12 June 2011
News broke yesterday that their are discussions among the players union and the owners that baseball may switch to two 15 team leagues with the top five teams in each league advancing to the playoffs. This means that baseball would have one of the National League teams switch over to the American League, it would get rid of the divisions, and add another round to the playoffs. As of right now the chances of this actually happening is under 50-50, but it is still in the early in the negotiating period for the new collective bargaining agreement. As of right now the team that would be most likely be moved to the AL from the NL is the Houston Astros, who will automatically have a natural rival in the Texas Rangers. Although the current ownership says that they have no interest in changing leagues, the team is up for sale and MLB could make the switch of leagues a part of the sale. As with any big change it comes with several pros and cons.
- Being a Marlins and Orioles fan this switch really helps these teams who have to play perennial big market powers. It has always been seen as a disadvantage to teams in the AL East to have to play both the Yankees and Red Sox 18 times each, while in the AL West and Central are filled with mid sized markets who tend to have quite a bit more turnover in the divisions. Instead with the elimination of divisions the games played becomes evenly distributed among all of the teams in the league.
- An addition of another playoff round. With the top five teams, as opposed to the current four team, now going to the playoff it means that means that teams #4 and #5 will play each other in the opening round and the winner will go on to play #1.
- This also means that teams with who win weak divisions will not be able to sneak into playoffs. In the past, their have been teams who are barley over .500 who have been able to get into the playoffs because they play in a horrible division. Now with it being a one giant league it will make sure that only the teams with the top five records would be able to advance.
- Interleague play is going to happen through out the year. Baseball is set up right now with 16 teams in the NL and 14 teams in the AL so that their will be even match-ups with no team getting an equivalent of a bye week. So to eliminate this problem with a two 15 team leagues baseball will expand Interleague play to happen all year long.

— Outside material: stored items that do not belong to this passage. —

(* Let $S$ be a commutative ring, $R$ an $S$-algebra, $E$ an injective cogenerator of $\mathrm{Mod}\text{-}S$, and $(-)^d=\operatorname{Hom}_S(-,E)$, viewed as contravariant functors from left $R$-modules to right $R$-modules and from right $R$-modules to left $R$-modules. Let $P_2\to P_1\xrightarrow{\zeta}P_0\to M\to 0$ be a projective presentation of a left $R$-module $M$ (so $0\to M^d\to P_0^d\xrightarrow{\zeta^d}P_1^d$ is an injective copresentation of the right module $M^d$). Then: (1) If $X$ is a right $R$-module with $X\in\mathcal{B}_{\zeta^d}$, then $X^d\in\mathcal{D}_\zeta$. (2) If $P_0,P_1,P_2$ are finitely presented and $Y$ is a left $R$-module with $Y\in\mathcal{D}_\zeta$, then $Y^d\in\mathcal{B}_{\zeta^d}$. (3) If $P_0,P_1,P_2$ are finitely presented, then $M$ is partial silting with respect to $\zeta$ if and only if $M^d$ is partial cosilting with respect to $\zeta^d$.
   Context: For a homomorphism $\zeta:Q_0\to Q_1$ of right $R$-modules, $\mathcal{B}_\zeta=\{X \mid \operatorname{Hom}_R(X,\zeta):\operatorname{Hom}_R(X,Q_0)\to\operatorname{Hom}_R(X,Q_1)\text{ is an epimorphism}\}$. For a homomorphism $\sigma:P_1\to P_0$ of left $R$-modules, $\mathcal{D}_\sigma=\{Y \mid \operatorname{Hom}_R(\sigma,Y):\operatorname{Hom}_R(P_0,Y)\to\operatorname{Hom}_R(P_1,Y)\text{ is an epimorphism}\}$. A left module $M$ with projective presentation $P_1\xrightarrow{\sigma}P_0\to M\to 0$ is partial silting with respect to $\sigma$ if $M\in\mathcal{D}_\sigma$ and $\mathcal{D}_\sigma$ is closed under direct sums; it is silting with respect to $\sigma$ if $\operatorname{Gen}(M)=\mathcal{D}_\sigma$, where $\operatorname{Gen}(M)$ is the class of epimorphic images of direct sums of copies of $M$. A right module $T$ with injective copresentation $0\to T\to Q_0\xrightarrow{\zeta}Q_1$ ($Q_0,Q_1$ injective) is partial cosilting with respect to $\zeta$ if $T\in\mathcal{B}_\zeta$ and $\mathcal{B}_\zeta$ is closed under direct products; it is cosilting with respect to $\zeta$ if $\operatorname{Cogen}(T)=\mathcal{B}_\zeta$, where $\operatorname{Cogen}(T)$ is the class of modules embeddable in a direct product of copies of $T$. *)

From HB Require Import structures.
From mathcomp Require Import all_boot all_algebra.
From Stdlib Require Import ClassicalEpsilon FunctionalExtensionality ProofIrrelevance.

Set Implicit Arguments.
Unset Strict Implicit.
Unset Printing Implicit Defensive.

Import GRing.Theory.
Local Open Scope ring_scope.

(* right R-modules are left R^c-modules).                              *)

Section ModuleNotions.
Variable A : pzRingType.

Definition Bclass (Q0 Q1 : lmodType A) (zeta : Q0 -> Q1) (X : lmodType A) : Prop :=
  forall g : {linear X -> Q1}, exists h : {linear X -> Q0},
    forall x, g x = zeta (h x).

Definition Dclass (P1 P0 : lmodType A) (sigma : P1 -> P0) (Y : lmodType A) : Prop :=
  forall g : {linear P1 -> Y}, exists h : {linear P0 -> Y},
    forall x, g x = h (sigma x).

Definition is_coproduct (I : Type) (M : I -> lmodType A) (D : lmodType A)
    (inj : forall i, {linear M i -> D}) : Prop :=
  forall (N : lmodType A) (f : forall i, {linear M i -> N}),
    (exists h : {linear D -> N}, forall i x, h (inj i x) = f i x) /\
    (forall h1 h2 : {linear D -> N},
        (forall i x, h1 (inj i x) = h2 (inj i x)) -> forall d, h1 d = h2 d).

Definition is_product (I : Type) (M : I -> lmodType A) (D : lmodType A)
    (pr : forall i, {linear D -> M i}) : Prop :=
  forall (N : lmodType A) (f : forall i, {linear N -> M i}),
    (exists h : {linear N -> D}, forall i x, pr i (h x) = f i x) /\
    (forall h1 h2 : {linear N -> D},
        (forall i x, pr i (h1 x) = pr i (h2 x)) -> forall x, h1 x = h2 x).

Definition closed_under_sums (C : lmodType A -> Prop) : Prop :=
  forall (I : Type) (M : I -> lmodType A) (D : lmodType A)
         (inj : forall i, {linear M i -> D}),
    is_coproduct inj -> (forall i, C (M i)) -> C D.

Definition closed_under_products (C : lmodType A -> Prop) : Prop :=
  forall (I : Type) (M : I -> lmodType A) (D : lmodType A)
         (pr : forall i, {linear D -> M i}),
    is_product pr -> (forall i, C (M i)) -> C D.

Definition projective_module (P : lmodType A) : Prop :=
  forall (U V : lmodType A) (g : {linear U -> V}) (f : {linear P -> V}),
    (forall v, exists u, g u = v) ->
    exists h : {linear P -> U}, forall p, g (h p) = f p.

Definition injective_module (Q : lmodType A) : Prop :=
  forall (U V : lmodType A) (g : {linear U -> V}) (f : {linear U -> Q}),
    injective g ->
    exists h : {linear V -> Q}, forall u, h (g u) = f u.

Definition cogenerator_module (Q : lmodType A) : Prop :=
  forall (U V : lmodType A) (g : {linear U -> V}),
    (exists u, g u != 0) ->
    exists f : {linear V -> Q}, exists u, f (g u) != 0.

- Reduced drama at the end of the year. Part of the fun at the end of the season are all of the division races and wild card races that take place. This year their is a chance that three of the best teams in the AL could be the Yankees, Red Sox, and Rays and they will be fighting for both the division title and the wild card. However in the new system these teams could be pretty set to make the playoffs and not have to much to worry about come the end of the year.
- Not a fan of the new playoff format. It is just a really funky way to go threw the playoffs. It makes more sense to either stay with a four team playoff system with every team playing in the first round, or a six team playoff system with the top two teams getting a bye in the first round.
- Interleague play is going throughout the year. Some people hate interleage play, and if you are one of those people than the idea of it happening all year long has to be torturous.
- With no more weighted schedule also comes the chance that it will also mean increase travel. For the Marlins, most of their travel is up and down the East Coast and are less than three hour flights. However with less games in Atlanta and Washington it will mean more games in Milwaukee and San Diego. One of the way baseball would probably do to deal with this is have longer road trips and home stands, maybe three to five series per stand. Some people may have a problem with this, especially those who already complain that their are not enough rest days off.
Personally I think that I am in favor of this change. Baseball rarely does anything to radical, and they are all but afraid of change, so the idea of this possibility is excited. This change is also a positive one, potentially, for the Marlins. The Marlins on any given year can get 82-87 wins playing a bunch of games against good Braves and Phillies teams, and have two World Series Championships despite no division titles. If the Marlins play the Braves and Phillies only 12 times a year, down from 18, that could also mean that they get to play more games against teams like the Padres and Pirates. With more games against lower talent teams and an additional playoff team it should mean more playoff opportunities for the Marlins.